Video diffusion models have emerged as a powerful technique in video generation, offering significant improvements over previous methods. They leverage the principles of diffusion models, iteratively adding noise to a video until it becomes pure noise, and then reversing this process to generate new videos from noise. A key advantage is the ability to control various aspects of video generation, including content, style, and camera motion. However, challenges remain. Precise control over fine-grained aspects like camera motion and temporal consistency is difficult. Existing approaches often rely on high-level control signals which lack precision. Furthermore, handling long-range temporal dependencies is an ongoing area of research. The development of more effective temporal attention mechanisms and sophisticated inductive biases is crucial for achieving high-quality, consistent video generation and better motion control.

Ablation Study
#

An ablation study systematically removes components of a model to assess their individual contributions. In the context of this video motion control research, an ablation study would likely investigate the impact of removing or modifying key elements like trajectory attention, temporal attention, or the interaction between them. By removing trajectory attention, the researchers could observe how this affects motion precision and long-range consistency in generated videos. Similarly, removing or altering the parameters of the temporal attention mechanism could reveal its importance in maintaining content coherence during dynamic motion synthesis. Comparing the results across different ablation scenarios—with and without trajectory and/or temporal attention—would highlight the individual and combined roles of these components in achieving fine-grained video motion control. The results would likely demonstrate the synergistic effect of trajectory and temporal attention, where both contribute to overall performance, but trajectory attention specifically handles long-range consistency, while temporal attention focuses on short-term coherence. A strong ablation study would carefully consider the impact of removing these features on various metrics like absolute trajectory error (ATE), relative pose error (RPE), and Fréchet inception distance (FID), ultimately solidifying the claims made about the contribution of trajectory attention.

Future Work
#

Future research directions stemming from this trajectory attention model for fine-grained video motion control could fruitfully explore several avenues. Improving trajectory extraction is crucial; current reliance on external methods limits flexibility. Developing methods that directly learn trajectories from diverse inputs like text descriptions or sketches would significantly enhance usability. Addressing the sparsity issue is also vital; while the model shows resilience, performance degrades with extremely sparse trajectories. Investigating more robust methods for handling sparse or noisy trajectory data, perhaps through data augmentation or more sophisticated attention mechanisms, warrants attention. Additionally, the model’s current dependence on pre-trained video diffusion models could be addressed by exploring more end-to-end training strategies that jointly learn the trajectory attention and the video generation process. This may lead to improved generation quality and controllability. Finally, extending the approach to other motion control tasks beyond camera control, such as object manipulation or character animation within videos, could unlock new possibilities and further establish the generality of this approach.

More visual insights
#

More on figures

🔼 This figure visualizes the attention maps of temporal attention and trajectory attention mechanisms. The heatmaps show the weight distribution across frames. (a) shows that temporal attention focuses on nearby frames, indicating short-range dependencies. (b) shows that trajectory attention has a much broader scope, focusing on more distant frames along the trajectory. The wider attention window in (b) allows for better long-range consistency and more controlled generation of movement. The intensity of the color represents the attention weight; brighter yellow indicates stronger attention.
read the caption
Figure 2: Attention map visualization of temporal attention and trajectory attention. (a) Temporal attention tends to concentrate its weight on a narrow, adjacent frame window. (b) In contrast, trajectory attention exhibits a broader attention window, highlighting its capacity to produce more consistent and controllable results. Here, the attention map is structured with the frame number as the side length. The attention weights are normalized within the range of 0 to 1, where higher values (indicated by light yellow) represent stronger attention.
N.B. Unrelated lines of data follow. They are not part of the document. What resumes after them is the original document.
(* Let $\mathcal{L}$ be a constraint language, $\mathcal{R}(\mathcal{L})$ a relational extension of it with set of relation symbols $\mathcal{R}$, and $\mathcal{P}_F$ a quantitative definite clause specification in $\mathcal{R}(\mathcal{L})$. Let $\langle \mathcal{A}_0, \mathcal{A}_1, \mathcal{A}_2, \ldots\rangle$ be a $\mathcal{P}_F$-chain (of $\mathcal{R}(\mathcal{L})$-interpretations extending some $\mathcal{L}$-interpretation $\mathcal{I}$). Then for each $n$-ary relation symbol $r\in\mathcal{R}$, each variable assignment $\alpha\in\mathsf{ASS}$ and each $\vec{x}\in\mathsf{VAR}^n$, there exists some $m\in\mathbb{N}$ such that $$\mu\big(\alpha(\vec{x});\, r^{\bigcup_{i\ge 0}\mathcal{A}_i}\big)=\mu\big(\alpha(\vec{x});\, r^{\mathcal{A}_m}\big).$$
   Context: A constraint language $\mathcal{L}$ consists of: a signature; a decidable infinite set $\mathsf{VAR}$ of variables; a decidable set of $\mathcal{L}$-constraints; a computable function $\mathsf{V}$ assigning to each constraint $\phi$ a finite set $\mathsf{V}(\phi)$ of variables; a nonempty set of $\mathcal{L}$-interpretations, each $\mathcal{I}$ having a nonempty domain $\mathcal{D}$ and set $\mathsf{ASS}$ of variable assignments $\mathsf{VAR}\to\mathcal{D}$; and for each interpretation $\mathcal{I}$ a map sending each constraint $\phi$ to a set $[\![\phi]\!]^{\mathcal{I}}\subseteq\mathsf{ASS}$ (its solutions), such that if $\alpha\in[\![\phi]\!]^{\mathcal{I}}$ and $\beta$ agrees with $\alpha$ on $\mathsf{V}(\phi)$ then $\beta\in[\![\phi]\!]^{\mathcal{I}}$. The extension $\mathcal{R}(\mathcal{L})$ adds a decidable set $\mathcal{R}$ of relation symbols with arities; an atom is $r(\vec{x})$ with $r\in\mathcal{R}$ of arity $n$ and $\vec{x}$ an $n$-tuple of pairwise distinct variables. A quantitative definite clause specification $\mathcal{P}_F$ in $\mathcal{R}(\mathcal{L})$ is a finite set of quantitative definite clauses $r(\vec{x})\leftarrow_f \phi \,\&\, q_1(\vec{x}_1)\,\&\,\ldots\,\&\, q_k(\vec{x}_k)$, where $r(\vec x),q_j(\vec x_j)$ are atoms, $\phi$ is an $\mathcal{L}$-constraint, $k\ge 0$ and $f\in(0,1]$ (the factor). An $\mathcal{R}(\mathcal{L})$-interpretation $\mathcal{A}$ extending an $\mathcal{L}$-interpretation $\mathcal{I}$ has the same domain $\mathcal{D}$ and assigns to each $n$-ary $r\in\mathcal{R}$ a fuzzy subset of $\mathcal{D}^n$, i.e. a total membership function $\mu(\_\,; r^{\mathcal{A}}):\mathcal{D}^n\to[0,1]$; for $\mathcal{L}$-constraints $[\![\phi]\!]^{\mathcal{A}}=[\![\phi]\!]^{\mathcal{I}}$. Interpretations extending the same $\mathcal{I}$ are base equivalent. For a set $X$ of base equivalent interpretations, $\bigcup X$ is the interpretation with $\mu(\alpha(\vec x); r^{\bigcup X})=\sup\{\mu(\alpha(\vec x); r^{\mathcal{A}'})\mid \mathcal{A}'\in X\}$ for all $r,\alpha,\vec x$ (with $\sup\emptyset=0$). A renaming is a bijection $\mathsf{VAR}\to\mathsf{VAR}$ that is the identity except at finitely many variables; a variant of a clause is the clause obtained by simultaneously replacing each variable $X$ by $\rho(X)$ for some renaming $\rho$. Given $\mathcal{P}_F$ and an $\mathcal{L}$-interpretation $\mathcal{I}$, a sequence $\langle\mathcal{A}_0,\mathcal{A}_1,\ldots\rangle$ of $\mathcal{R}(\mathcal{L})$-interpretations extending $\mathcal{I}$ is a $\mathcal{P}_F$-chain iff for every $n$-ary $r\in\mathcal{R}$, $\alpha\in\mathsf{ASS}$, $\vec{x}\in\mathsf{VAR}^n$: $\mu(\alpha(\vec x); r^{\mathcal{A}_0})=0$ and $\mu(\alpha(\vec x); r^{\mathcal{A}_{i+1}})=\max\{ f\times\min\{\mu(\alpha(\vec x_j); q_j^{\mathcal{A}_i})\mid 1\le j\le k\} \mid r(\vec x)\leftarrow_f\phi\,\&\,q_1(\vec x_1)\,\&\ldots\&\,q_k(\vec x_k)$ is a variant of a clause in $\mathcal{P}_F$ and $\alpha\in[\![\phi]\!]^{\mathcal{A}_i}\}$, with $\min\emptyset=1$ (and the maximum over an empty set taken as $0$). *)

From Stdlib Require List.
From HB Require Import structures.
From mathcomp Require Import all_boot all_order all_algebra.
From mathcomp Require Import boolp classical_sets reals.
Set Implicit Arguments. Unset Strict Implicit. Unset Printing Implicit Defensive.
Import Order.TTheory GRing.Theory Num.Theory.
Local Open Scope ring_scope.
Local Open Scope classical_set_scope.

Section QDC.
Variables (R : realType) (VAR : eqType) (Constr : Type) (Rel : Type)
          (arity : Rel -> nat).

Definition atom := {r : Rel & (arity r).-tuple VAR}.
Definition is_atom (a : atom) : bool := uniq (tagged a).

(* A quantitative definite clause  r(x) <-_f phi & q_1(x_1) & ... & q_k(x_k). *)
Record qclause := QClause {
  hd_rel : Rel;
  hd_args : (arity hd_rel).-tuple VAR;
  cl_constr : Constr;
  cl_factor : R;
  cl_body : seq atom }.

Definition wf_qclause (c : qclause) : Prop :=
  [/\ uniq (hd_args c), 0 < cl_factor c <= 1 & all is_atom (cl_body c)].

Definition qdc_spec (P : seq qclause) : Prop := forall c, List.In c P -> wf_qclause c.

Definition renaming (rho : VAR -> VAR) : Prop :=
  bijective rho /\ exists s : seq VAR, forall v, v \notin s -> rho v = v.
🔼 This figure illustrates the pipeline for fine-grained video motion control using trajectory attention. The process begins with input, which can be a single image or video, from which trajectories are extracted. These trajectories are then processed by the trajectory attention mechanism, which injects information about the motion into a video diffusion model. The model incorporates both the trajectories and temporal information (from the video) to generate a video with explicit and fine-grained control over the motion. This allows the user to control the video’s motion precisely according to the specified trajectories. The figure visually shows how trajectory attention works in conjunction with a video diffusion model to produce the final video output.
read the caption
Figure 3: Overview of the proposed motion control pipeline. Our method allows for conditioning on trajectories from various sources – such as camera motion derived from a single image, as shown in this figure. We inject these conditions into the model through trajectory attention, enabling explicit and fine-grained control over the motion in the generated video.

🔼 This figure visualizes the attention maps of vanilla temporal attention and trajectory attention. Vanilla temporal attention focuses its attention weights narrowly on adjacent frames, highlighting its short-range dependency in motion synthesis. In contrast, trajectory attention exhibits a much broader attention window, emphasizing its capacity for long-range consistency across features along a trajectory. This difference demonstrates the distinct roles of these two attention mechanisms within the video generation process: temporal attention balances content consistency and motion synthesis, while trajectory attention specifically maintains consistency along the explicit trajectory. The visualization underscores how trajectory attention provides a strong inductive bias for fine-grained motion control.
read the caption
Figure 4: Visualization of vanilla temporal attention and trajectory attention.

🔼 This figure illustrates the training strategy employed for trajectory attention. Leveraging pre-trained knowledge from large-scale datasets, the weights of the Query (Q), Key (K), and Value (V) projectors within the trajectory attention module are initialized using the weights from the corresponding temporal attention layers. This transfer learning approach leverages the motion modeling capabilities already learned by the temporal attention. To ensure a stable and gradual training process for the trajectory attention branch, the output projector’s weights are initialized to zero. This prevents the trajectory attention from dominating the training process at the start and enables a smoother integration of this new branch into the existing model architecture.
read the caption
Figure 5: Training strategy for trajectory attention. To leverage the motion modeling capability learned from large-scale data, we initialize the weights of the QKV projectors with those from temporal attention layers. Additionally, the output projector is initialized with zero weights to ensure a smooth and gradual training process.

🔼 This figure displays a qualitative comparison of camera motion control results on images. It showcases how different methods handle the task, highlighting the superior performance of the proposed approach. The results demonstrate that while other techniques often result in poor image quality and inconsistent camera motion, the novel method produces high-quality images with precise and finely controlled camera movements. The yellow boxes highlight specific regions to emphasize the difference in camera motion between the various methods. To fully appreciate the results and the subtle details of the motion, it is recommended that the accompanying video be viewed.
read the caption
Figure 6: Qualitative comparisons for camera motion control on images. While other methods often exhibit significant quality degradation or inconsistencies in camera motion, our approach consistently delivers high-quality results with precise, fine-grained control over camera movements. Regions are highlighted in yellow boxes to reveal camera motion. For a more comprehensive understanding, we highly recommend viewing the accompanying videos in the supplementary materials.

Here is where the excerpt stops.